Will preparation and related activity are a cornerstone of my practice and I come out in a rash when I discover that successful entrepreneurs do not have a will. I am not sure it is so much that these people have no interest in auditing their lives and adopting a plan, more that it involves devoting time to working out what is needed, bringing up complicated financial and emotional issues — and, for some, this is on the “too difficult” pile. I have never come across a client who refuses to make a will, but it can be a long-drawn-out affair.

A recent planning project involved two business partners based in England to whom I had been introduced by the newly appointed general counsel of their business. Each held 50 per cent of the business so neither had control. One had a domestic partner and young children from a previous relationship and the other had a domestic partner and supported her children. Both had an interest in philanthropy. They were friends through business but not socially. Neither had a will nor any understanding of how their estates would be dealt with if one or both died prematurely — and the mayhem and chaos that would follow. There did not seem to be any significant curiosity about what would happen.

However, the GC had acted as a catalyst to this conversation because he worried about what would happen to the business in this scenario. His focus was the commercial consequences of a death, which got the business partners’ attention.

Their preliminary question was “Why do I need a will? Surely, if I don’t have a will, my domestic partner and children will inherit?” I had to explain that, if they died with no will, English intestacy rules apply, but they are old-fashioned and have certainly not kept pace with societal changes.

As neither client is married nor in a civil partnership, their domestic partners would not inherit.
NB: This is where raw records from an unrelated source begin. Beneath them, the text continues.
Lemma count_wordsU_succ R P u s :
  count_wordsU R P u.+1 s = count_words (fun w => R (true :: w)) (premul U_mx P) u s.
Proof.
rewrite /count_wordsU count_words_rec addn0.
by case: s => [|s]; rewrite ?addn0 // (@count_words_pred0 (fun w => false)) ?addn0.
Qed.

Lemma count_wordsU0 R P s : count_wordsU R P 0 s = [&& s == 0%N, R [::] & P 1%:M] :> nat.
Proof.
rewrite /count_wordsU count_words_rec.
by case: s => [|s]; rewrite ?add0n // (@count_words_pred0 (fun w => false)).
Qed.

Lemma noSS_consU w : noSS (true :: w) = noSS w.
Proof. by rewrite /noSS infix_consl. Qed.

Lemma noSS_consS w : noSS (false :: w) = noSS w && headU w.
Proof.
by rewrite /noSS infix_consl; case: w => [|[] w]; rewrite /= ?andbT ?andbF ?prefix0s.
Qed.

Lemma mulmxSS : S_mx *m S_mx = - 1%:M.
Proof.
apply/matrixP => i j; rewrite mulmx2E !mxE.
by case: i => [[|[|i]] ?]; case: j => [[|[|j]] ?].
Qed.

Definition sign_invariant (P : pred 'M[int]_2) := forall M, P (- M) = P M.

Lemma premul_sign_invariant A P : sign_invariant P -> sign_invariant (premul A P).
Proof. by move=> invP M; rewrite /premul mulmxN invP. Qed.

Lemma premulSS P : sign_invariant P -> premul S_mx (premul S_mx P) =1 P.
Proof. by move=> invP M; rewrite /premul mulmxA mulmxSS mulNmx mul1mx invP. Qed.

Definition series (f : nat -> nat) : nat -> int := fun s => (f s)%:Z.

Definition nwords P := count_words xpredT P.
Definition nreduced P := count_words noSS P.

Lemma series_split R P u : series (count_words R P u) =
  sadd (series (count_wordsU R P u))
       (shift (series (count_words (fun w => R (false :: w)) (premul S_mx P) u))).
Proof.
apply: functional_extensionality => s; rewrite /series /sadd /shift count_words_split.
by case: s => [|s]; rewrite ?addn0 ?addr0 // PoszD.
Qed.

(* Splitting off a leading S twice returns to P (as S^2 = -I), which closes
   the system solved by [one_minus_y2_system]. *)
Lemma nwords_series P u : sign_invariant P ->
  series (nwords P u) =
  smul (sadd (series (count_wordsU xpredT P u))
             (shift (series (count_wordsU xpredT (premul S_mx P) u)))) inv_one_minus_y2.
Proof.
move=> invP; apply/div_one_minus_y2/(one_minus_y2_system (series_split _ _ _)).
rewrite [LHS]series_split; congr (sadd _ (shift (series _))).
apply: functional_extensionality => s; exact: eq_count_words (premulSS invP).
Qed.

Lemma nreduced_series P u : series (nreduced P u) =
  sadd (series (count_wordsU noSS P u)) (shift (series (count_wordsU noSS (premul S_mx P) u))).
Proof.
rewrite [LHS]series_split; congr (sadd _ (shift (series _))).
apply: functional_extensionality => s; apply: eq_count_words => // w.
by rewrite noSS_consS andbC.
Qed.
There is no such status as “common law” wife or husband that would confer any rights on the domestic partners; you are either married (or civilly partnered) or you are not. Where there are children, the estate will be inherited by those children at age 18. But while “children” would include any children from a previous relationship, unrelated minors do not qualify.

For the client who had neither wife nor children of his own, his estate would be inherited by his parents. There is no scope for benefiting any charities. The rules are rigid.

My postscript for both was a warning that both domestic partners and the children (who were not his own but whom he was supporting) might bring a claim against their estates after their deaths on the grounds that there was no reasonable financial provision for them — litigation loomed.

During our discussion, it became clear that their legal heirs did not include those the clients wanted to benefit nor would they have wanted their children to automatically inherit at 18. More compellingly, there would be the potential for a business disaster as the survivor would find himself running the company with his business partner’s elderly parents and representatives for the infants. The GC was aghast as he could see that this could be calamitous for both the heirs and the business. The survivor would be distracted by the mess when the business needed him most.

Most of my message was unwelcome news, but it did provoke action. “Starter” wills have been executed but the overall planning remains a work in progress.

It is worth noting that not all jurisdictions have such a rigid approach to relationships. A Brazilian client of mine referred to his “wife” when we were talking about succession plans, but, on investigation, it became clear they were not formally married. They are in a civil union which, under Brazilian law, gives the “wife” certain rights similar to those of a spouse under Brazilian law, but that status does not necessarily translate into the same position in England.

When I was a newly qualified private client lawyer, my mentor gave me some sage advice, which I endeavour to pass on to the juniors in my firm: a will is the most important document you will ever sign, so it is worth giving it the attention it deserves. Without it, the death admin for those you leave behind — both heirs and business — will be far worse. Commit time to this project and take comprehensive advice. No one wants to leave a legacy of chaos and mayhem.